■ **Exercise brief**
Would you please retype, exactly, the lines of the listing below between the line with "forall y : 'cV[R]_n, unit_vec y ->" and the line with "centered H *m (centered H)^T.", inclusive?

■ **Given entries**
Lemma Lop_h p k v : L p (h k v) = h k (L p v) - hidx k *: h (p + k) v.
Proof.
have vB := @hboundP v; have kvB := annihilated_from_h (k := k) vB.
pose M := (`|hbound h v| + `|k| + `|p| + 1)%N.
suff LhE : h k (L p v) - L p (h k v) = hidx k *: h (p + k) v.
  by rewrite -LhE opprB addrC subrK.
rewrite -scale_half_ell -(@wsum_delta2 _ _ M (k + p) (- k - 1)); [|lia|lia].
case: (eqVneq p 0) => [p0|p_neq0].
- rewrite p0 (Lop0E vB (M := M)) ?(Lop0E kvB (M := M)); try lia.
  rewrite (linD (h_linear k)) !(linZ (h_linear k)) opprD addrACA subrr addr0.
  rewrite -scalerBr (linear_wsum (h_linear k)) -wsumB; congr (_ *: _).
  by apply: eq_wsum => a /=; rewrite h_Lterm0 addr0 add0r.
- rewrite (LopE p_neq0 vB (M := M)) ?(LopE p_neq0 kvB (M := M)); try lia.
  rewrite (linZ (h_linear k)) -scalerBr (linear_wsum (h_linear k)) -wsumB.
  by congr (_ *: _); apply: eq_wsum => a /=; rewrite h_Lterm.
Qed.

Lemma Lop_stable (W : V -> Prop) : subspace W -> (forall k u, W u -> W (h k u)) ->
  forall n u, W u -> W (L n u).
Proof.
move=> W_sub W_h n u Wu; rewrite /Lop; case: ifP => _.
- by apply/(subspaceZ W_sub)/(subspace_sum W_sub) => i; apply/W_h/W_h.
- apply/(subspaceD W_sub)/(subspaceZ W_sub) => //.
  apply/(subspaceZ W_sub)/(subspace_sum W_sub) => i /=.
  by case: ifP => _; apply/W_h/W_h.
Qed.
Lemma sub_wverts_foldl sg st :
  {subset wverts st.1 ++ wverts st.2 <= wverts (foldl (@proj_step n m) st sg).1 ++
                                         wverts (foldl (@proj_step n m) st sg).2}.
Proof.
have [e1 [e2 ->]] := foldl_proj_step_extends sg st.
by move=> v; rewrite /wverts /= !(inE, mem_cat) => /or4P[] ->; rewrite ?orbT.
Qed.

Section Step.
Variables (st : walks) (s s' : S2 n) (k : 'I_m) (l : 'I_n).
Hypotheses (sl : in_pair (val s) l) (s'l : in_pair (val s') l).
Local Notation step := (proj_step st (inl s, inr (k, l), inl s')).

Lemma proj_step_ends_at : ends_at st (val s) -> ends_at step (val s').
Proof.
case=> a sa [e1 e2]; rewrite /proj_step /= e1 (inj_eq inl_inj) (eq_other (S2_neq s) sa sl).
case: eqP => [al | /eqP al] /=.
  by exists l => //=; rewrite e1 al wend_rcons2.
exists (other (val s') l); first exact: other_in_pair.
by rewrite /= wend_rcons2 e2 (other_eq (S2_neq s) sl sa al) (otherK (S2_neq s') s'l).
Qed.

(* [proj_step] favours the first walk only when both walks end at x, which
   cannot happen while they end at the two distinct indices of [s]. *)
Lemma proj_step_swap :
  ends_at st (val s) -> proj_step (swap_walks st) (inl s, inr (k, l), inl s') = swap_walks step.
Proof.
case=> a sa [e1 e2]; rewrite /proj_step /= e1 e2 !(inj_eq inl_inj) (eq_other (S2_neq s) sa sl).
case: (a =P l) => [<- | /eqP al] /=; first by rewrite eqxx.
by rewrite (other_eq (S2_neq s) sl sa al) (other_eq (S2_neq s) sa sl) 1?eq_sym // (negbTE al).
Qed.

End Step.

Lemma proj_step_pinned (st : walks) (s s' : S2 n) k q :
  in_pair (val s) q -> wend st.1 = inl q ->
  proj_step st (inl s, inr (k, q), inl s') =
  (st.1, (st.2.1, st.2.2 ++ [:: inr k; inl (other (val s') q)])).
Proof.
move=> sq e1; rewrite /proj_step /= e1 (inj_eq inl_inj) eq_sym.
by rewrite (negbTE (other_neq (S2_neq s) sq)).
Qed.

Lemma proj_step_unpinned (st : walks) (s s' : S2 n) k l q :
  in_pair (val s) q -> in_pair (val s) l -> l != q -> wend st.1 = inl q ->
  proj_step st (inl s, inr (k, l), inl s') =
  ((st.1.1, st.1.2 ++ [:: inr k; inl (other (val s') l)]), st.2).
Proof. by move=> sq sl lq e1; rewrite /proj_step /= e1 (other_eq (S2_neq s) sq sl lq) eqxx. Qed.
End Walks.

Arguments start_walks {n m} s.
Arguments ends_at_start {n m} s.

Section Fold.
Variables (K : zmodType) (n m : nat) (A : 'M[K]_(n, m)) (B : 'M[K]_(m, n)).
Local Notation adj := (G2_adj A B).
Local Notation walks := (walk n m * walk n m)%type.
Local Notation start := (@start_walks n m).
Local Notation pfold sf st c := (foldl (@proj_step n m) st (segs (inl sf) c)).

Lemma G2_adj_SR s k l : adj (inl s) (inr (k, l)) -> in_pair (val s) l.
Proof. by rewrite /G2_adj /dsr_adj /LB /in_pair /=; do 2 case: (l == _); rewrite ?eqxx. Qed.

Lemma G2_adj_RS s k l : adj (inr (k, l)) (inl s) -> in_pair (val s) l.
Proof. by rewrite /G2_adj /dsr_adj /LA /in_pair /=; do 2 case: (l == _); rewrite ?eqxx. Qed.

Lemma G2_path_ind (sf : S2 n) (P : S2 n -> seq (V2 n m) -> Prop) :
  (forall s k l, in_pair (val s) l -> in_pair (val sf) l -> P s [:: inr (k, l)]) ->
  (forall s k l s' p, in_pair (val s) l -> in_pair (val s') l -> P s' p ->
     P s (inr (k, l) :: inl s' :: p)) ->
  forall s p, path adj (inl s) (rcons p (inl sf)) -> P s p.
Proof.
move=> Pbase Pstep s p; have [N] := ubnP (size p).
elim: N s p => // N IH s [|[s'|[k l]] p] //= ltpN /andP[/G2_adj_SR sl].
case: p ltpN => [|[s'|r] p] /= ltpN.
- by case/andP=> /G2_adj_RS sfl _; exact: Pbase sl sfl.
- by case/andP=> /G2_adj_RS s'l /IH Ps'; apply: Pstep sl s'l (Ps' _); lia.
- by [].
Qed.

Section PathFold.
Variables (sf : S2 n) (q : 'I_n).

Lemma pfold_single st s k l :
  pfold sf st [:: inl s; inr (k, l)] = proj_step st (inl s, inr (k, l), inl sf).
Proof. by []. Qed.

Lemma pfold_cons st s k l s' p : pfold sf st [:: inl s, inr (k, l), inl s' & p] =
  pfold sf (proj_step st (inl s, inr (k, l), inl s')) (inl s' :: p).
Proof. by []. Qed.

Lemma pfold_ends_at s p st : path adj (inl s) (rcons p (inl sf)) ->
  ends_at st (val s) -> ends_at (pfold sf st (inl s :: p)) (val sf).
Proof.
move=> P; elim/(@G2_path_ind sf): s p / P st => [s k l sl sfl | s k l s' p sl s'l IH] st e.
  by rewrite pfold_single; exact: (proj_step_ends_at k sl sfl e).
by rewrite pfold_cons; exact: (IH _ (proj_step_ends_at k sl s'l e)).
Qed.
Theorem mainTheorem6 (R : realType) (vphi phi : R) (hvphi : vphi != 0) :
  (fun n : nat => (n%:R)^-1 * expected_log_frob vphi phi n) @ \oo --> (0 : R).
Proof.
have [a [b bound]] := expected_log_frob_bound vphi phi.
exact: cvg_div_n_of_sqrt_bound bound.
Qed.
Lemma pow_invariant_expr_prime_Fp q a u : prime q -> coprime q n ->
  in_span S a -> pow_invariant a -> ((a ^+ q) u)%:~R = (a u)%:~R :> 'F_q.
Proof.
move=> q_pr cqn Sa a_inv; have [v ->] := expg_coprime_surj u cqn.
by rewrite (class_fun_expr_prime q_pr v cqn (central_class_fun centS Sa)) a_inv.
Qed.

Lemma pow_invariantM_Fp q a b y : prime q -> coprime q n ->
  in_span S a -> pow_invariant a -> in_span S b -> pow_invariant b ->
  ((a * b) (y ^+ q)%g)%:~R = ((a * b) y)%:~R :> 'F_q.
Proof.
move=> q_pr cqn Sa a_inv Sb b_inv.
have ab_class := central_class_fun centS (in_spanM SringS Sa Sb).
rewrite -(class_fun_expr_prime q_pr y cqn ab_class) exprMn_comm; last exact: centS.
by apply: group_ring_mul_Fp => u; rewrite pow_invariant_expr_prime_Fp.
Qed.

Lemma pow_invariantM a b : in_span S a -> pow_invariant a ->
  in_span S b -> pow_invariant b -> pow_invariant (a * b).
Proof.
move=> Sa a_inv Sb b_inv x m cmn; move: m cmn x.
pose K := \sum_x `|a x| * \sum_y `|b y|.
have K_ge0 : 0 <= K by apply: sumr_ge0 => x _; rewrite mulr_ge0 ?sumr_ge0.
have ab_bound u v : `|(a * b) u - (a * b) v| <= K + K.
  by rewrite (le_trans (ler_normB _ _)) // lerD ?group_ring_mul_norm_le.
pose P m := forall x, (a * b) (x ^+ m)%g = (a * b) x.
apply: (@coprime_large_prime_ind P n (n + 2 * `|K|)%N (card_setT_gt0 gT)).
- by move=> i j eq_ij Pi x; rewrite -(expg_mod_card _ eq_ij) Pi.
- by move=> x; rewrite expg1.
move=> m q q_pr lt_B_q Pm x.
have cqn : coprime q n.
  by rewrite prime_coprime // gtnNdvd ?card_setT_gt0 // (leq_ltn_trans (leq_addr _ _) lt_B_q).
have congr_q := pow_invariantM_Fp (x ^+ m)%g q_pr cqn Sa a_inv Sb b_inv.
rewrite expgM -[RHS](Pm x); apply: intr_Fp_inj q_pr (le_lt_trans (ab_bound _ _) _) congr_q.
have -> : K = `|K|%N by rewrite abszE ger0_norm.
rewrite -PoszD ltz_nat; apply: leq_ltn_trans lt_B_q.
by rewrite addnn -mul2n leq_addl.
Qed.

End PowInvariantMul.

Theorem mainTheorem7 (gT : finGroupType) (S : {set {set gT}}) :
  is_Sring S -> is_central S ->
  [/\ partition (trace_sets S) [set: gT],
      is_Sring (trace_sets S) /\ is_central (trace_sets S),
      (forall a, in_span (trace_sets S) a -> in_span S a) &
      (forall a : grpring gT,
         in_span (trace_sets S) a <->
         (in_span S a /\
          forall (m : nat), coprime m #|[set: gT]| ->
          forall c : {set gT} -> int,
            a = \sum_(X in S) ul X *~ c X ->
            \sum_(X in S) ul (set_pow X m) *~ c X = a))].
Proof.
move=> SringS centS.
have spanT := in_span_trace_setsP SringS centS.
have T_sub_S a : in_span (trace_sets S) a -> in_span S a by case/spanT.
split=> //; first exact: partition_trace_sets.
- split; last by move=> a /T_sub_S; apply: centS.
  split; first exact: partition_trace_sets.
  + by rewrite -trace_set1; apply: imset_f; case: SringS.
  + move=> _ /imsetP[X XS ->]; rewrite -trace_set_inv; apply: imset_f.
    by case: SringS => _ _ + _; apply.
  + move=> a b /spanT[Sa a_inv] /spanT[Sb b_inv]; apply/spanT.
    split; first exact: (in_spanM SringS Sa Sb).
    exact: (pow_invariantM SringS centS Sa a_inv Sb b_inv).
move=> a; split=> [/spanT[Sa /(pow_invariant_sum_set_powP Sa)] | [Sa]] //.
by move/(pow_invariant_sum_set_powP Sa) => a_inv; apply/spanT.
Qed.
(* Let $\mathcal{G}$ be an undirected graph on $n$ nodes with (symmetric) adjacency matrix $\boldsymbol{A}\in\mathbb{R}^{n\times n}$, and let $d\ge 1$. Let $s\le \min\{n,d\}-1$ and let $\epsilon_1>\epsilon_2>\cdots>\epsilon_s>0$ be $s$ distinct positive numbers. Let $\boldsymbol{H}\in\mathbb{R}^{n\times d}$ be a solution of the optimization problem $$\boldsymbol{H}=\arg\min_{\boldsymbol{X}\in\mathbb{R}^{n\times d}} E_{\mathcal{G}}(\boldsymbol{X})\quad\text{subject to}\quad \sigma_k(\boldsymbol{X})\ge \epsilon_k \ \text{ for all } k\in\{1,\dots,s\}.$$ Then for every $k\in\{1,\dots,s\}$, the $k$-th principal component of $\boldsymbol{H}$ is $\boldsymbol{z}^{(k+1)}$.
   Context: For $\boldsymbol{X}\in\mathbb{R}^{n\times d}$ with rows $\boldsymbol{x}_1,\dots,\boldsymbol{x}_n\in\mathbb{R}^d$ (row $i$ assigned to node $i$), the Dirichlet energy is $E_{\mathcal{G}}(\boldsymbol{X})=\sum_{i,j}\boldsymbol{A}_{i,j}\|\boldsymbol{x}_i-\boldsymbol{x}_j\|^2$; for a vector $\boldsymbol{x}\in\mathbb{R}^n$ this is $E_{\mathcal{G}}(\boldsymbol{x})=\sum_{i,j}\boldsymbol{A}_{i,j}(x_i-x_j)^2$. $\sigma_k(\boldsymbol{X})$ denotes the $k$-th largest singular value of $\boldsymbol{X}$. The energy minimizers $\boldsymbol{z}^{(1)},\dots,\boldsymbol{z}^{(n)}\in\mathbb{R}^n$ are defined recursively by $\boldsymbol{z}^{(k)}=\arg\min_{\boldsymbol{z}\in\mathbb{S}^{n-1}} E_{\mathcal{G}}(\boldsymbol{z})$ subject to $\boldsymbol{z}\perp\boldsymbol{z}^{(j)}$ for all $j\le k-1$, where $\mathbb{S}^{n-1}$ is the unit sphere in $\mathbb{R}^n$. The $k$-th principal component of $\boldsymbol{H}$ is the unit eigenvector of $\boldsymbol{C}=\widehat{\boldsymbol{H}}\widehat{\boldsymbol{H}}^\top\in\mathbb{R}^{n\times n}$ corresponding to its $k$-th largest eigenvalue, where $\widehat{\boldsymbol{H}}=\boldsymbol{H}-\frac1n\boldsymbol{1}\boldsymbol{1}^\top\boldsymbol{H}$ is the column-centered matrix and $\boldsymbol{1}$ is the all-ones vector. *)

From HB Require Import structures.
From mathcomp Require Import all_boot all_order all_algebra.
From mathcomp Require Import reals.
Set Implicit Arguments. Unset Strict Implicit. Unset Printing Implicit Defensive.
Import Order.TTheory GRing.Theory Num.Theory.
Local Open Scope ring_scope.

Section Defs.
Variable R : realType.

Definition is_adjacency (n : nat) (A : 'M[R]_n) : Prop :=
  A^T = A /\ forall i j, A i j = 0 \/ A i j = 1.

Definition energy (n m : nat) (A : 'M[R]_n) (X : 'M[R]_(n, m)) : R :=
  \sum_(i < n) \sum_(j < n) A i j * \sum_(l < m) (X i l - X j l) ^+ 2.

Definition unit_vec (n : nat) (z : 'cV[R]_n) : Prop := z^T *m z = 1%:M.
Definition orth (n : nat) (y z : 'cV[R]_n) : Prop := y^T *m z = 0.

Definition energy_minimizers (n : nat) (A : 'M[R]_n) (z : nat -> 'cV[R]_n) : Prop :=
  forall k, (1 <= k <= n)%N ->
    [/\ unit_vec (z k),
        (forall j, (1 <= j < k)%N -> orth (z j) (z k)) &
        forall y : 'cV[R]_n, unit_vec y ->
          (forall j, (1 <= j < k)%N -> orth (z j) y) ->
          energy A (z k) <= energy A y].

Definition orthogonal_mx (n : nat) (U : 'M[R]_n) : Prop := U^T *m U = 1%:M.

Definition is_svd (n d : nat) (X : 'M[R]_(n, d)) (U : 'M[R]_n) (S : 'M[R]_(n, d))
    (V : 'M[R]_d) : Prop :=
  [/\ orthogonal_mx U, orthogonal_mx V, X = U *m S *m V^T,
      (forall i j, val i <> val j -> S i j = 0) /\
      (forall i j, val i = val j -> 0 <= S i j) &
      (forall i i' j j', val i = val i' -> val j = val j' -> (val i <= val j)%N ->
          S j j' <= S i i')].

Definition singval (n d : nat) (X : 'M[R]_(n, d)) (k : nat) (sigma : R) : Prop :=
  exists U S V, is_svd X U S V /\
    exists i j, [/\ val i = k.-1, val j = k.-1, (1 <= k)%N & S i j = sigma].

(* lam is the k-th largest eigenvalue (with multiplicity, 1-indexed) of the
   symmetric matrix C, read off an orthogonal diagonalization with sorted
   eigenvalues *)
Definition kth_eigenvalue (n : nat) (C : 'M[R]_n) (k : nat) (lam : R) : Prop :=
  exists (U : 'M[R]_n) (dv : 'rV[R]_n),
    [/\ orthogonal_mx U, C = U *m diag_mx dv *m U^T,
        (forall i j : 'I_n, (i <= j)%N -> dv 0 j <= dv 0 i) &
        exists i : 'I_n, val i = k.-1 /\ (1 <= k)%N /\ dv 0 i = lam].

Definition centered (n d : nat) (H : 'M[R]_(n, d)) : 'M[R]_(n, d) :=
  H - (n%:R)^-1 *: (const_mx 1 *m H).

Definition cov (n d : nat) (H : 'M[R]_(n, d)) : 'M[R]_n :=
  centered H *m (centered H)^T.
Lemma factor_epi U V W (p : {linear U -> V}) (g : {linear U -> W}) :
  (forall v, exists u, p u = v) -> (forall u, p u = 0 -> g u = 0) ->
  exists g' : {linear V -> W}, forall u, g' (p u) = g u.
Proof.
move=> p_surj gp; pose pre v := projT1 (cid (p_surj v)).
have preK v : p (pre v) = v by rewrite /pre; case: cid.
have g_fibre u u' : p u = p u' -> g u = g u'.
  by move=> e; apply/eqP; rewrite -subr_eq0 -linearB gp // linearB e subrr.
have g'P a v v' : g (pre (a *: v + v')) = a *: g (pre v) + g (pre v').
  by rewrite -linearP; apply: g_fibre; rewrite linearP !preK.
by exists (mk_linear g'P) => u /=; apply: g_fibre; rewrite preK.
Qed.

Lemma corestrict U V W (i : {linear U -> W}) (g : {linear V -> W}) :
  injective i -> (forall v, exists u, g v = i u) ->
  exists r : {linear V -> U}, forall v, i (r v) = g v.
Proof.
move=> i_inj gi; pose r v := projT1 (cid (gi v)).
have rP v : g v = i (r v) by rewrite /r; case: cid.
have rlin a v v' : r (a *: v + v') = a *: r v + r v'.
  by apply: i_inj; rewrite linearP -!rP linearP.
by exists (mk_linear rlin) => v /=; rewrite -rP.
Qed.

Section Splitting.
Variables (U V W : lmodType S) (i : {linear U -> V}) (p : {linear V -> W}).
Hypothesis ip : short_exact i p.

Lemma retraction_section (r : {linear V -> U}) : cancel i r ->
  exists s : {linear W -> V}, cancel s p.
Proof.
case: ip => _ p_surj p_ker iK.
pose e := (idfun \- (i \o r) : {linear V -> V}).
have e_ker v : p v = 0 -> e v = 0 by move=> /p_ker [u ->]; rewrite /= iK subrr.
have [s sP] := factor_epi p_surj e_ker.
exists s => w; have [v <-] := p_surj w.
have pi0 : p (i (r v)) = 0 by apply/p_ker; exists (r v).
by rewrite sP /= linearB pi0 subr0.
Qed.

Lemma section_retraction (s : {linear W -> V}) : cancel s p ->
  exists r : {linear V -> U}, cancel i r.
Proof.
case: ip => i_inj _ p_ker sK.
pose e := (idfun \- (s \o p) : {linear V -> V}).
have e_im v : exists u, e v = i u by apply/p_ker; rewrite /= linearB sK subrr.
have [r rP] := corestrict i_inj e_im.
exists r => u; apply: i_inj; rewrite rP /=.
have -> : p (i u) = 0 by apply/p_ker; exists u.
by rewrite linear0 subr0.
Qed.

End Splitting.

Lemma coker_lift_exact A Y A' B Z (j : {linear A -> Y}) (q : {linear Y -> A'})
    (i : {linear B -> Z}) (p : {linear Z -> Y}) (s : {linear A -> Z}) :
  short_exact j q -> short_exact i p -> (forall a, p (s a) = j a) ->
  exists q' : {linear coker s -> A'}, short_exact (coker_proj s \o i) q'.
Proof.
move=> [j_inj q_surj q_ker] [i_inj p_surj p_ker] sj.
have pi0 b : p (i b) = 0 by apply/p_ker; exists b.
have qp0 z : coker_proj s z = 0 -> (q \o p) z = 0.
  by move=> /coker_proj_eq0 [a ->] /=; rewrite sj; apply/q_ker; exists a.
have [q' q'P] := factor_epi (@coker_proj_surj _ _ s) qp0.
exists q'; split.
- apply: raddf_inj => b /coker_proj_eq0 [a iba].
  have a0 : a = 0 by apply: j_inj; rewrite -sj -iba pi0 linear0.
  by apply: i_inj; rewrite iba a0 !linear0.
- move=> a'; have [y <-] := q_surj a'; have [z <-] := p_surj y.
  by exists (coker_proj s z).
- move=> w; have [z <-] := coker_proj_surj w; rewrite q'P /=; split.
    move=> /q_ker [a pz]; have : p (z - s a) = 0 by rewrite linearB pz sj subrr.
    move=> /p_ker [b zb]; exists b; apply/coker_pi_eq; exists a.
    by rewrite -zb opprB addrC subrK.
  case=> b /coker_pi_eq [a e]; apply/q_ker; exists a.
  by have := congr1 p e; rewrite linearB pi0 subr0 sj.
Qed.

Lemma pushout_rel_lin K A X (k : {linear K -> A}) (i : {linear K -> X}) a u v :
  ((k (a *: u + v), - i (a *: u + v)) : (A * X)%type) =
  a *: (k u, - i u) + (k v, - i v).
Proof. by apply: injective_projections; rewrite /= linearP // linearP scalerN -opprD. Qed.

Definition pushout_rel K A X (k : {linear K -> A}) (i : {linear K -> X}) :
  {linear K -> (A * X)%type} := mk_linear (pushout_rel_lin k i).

■ **Written response**
        forall y : 'cV[R]_n, unit_vec y ->
          (forall j, (1 <= j < k)%N -> orth (z j) y) ->
          energy A (z k) <= energy A y].

Definition orthogonal_mx (n : nat) (U : 'M[R]_n) : Prop := U^T *m U = 1%:M.

Definition is_svd (n d : nat) (X : 'M[R]_(n, d)) (U : 'M[R]_n) (S : 'M[R]_(n, d))
    (V : 'M[R]_d) : Prop :=
  [/\ orthogonal_mx U, orthogonal_mx V, X = U *m S *m V^T,
      (forall i j, val i <> val j -> S i j = 0) /\
      (forall i j, val i = val j -> 0 <= S i j) &
      (forall i i' j j', val i = val i' -> val j = val j' -> (val i <= val j)%N ->
          S j j' <= S i i')].

Definition singval (n d : nat) (X : 'M[R]_(n, d)) (k : nat) (sigma : R) : Prop :=
  exists U S V, is_svd X U S V /\
    exists i j, [/\ val i = k.-1, val j = k.-1, (1 <= k)%N & S i j = sigma].

(* lam is the k-th largest eigenvalue (with multiplicity, 1-indexed) of the
   symmetric matrix C, read off an orthogonal diagonalization with sorted
   eigenvalues *)
Definition kth_eigenvalue (n : nat) (C : 'M[R]_n) (k : nat) (lam : R) : Prop :=
  exists (U : 'M[R]_n) (dv : 'rV[R]_n),
    [/\ orthogonal_mx U, C = U *m diag_mx dv *m U^T,
        (forall i j : 'I_n, (i <= j)%N -> dv 0 j <= dv 0 i) &
        exists i : 'I_n, val i = k.-1 /\ (1 <= k)%N /\ dv 0 i = lam].

Definition centered (n d : nat) (H : 'M[R]_(n, d)) : 'M[R]_(n, d) :=
  H - (n%:R)^-1 *: (const_mx 1 *m H).

Definition cov (n d : nat) (H : 'M[R]_(n, d)) : 'M[R]_n :=
  centered H *m (centered H)^T.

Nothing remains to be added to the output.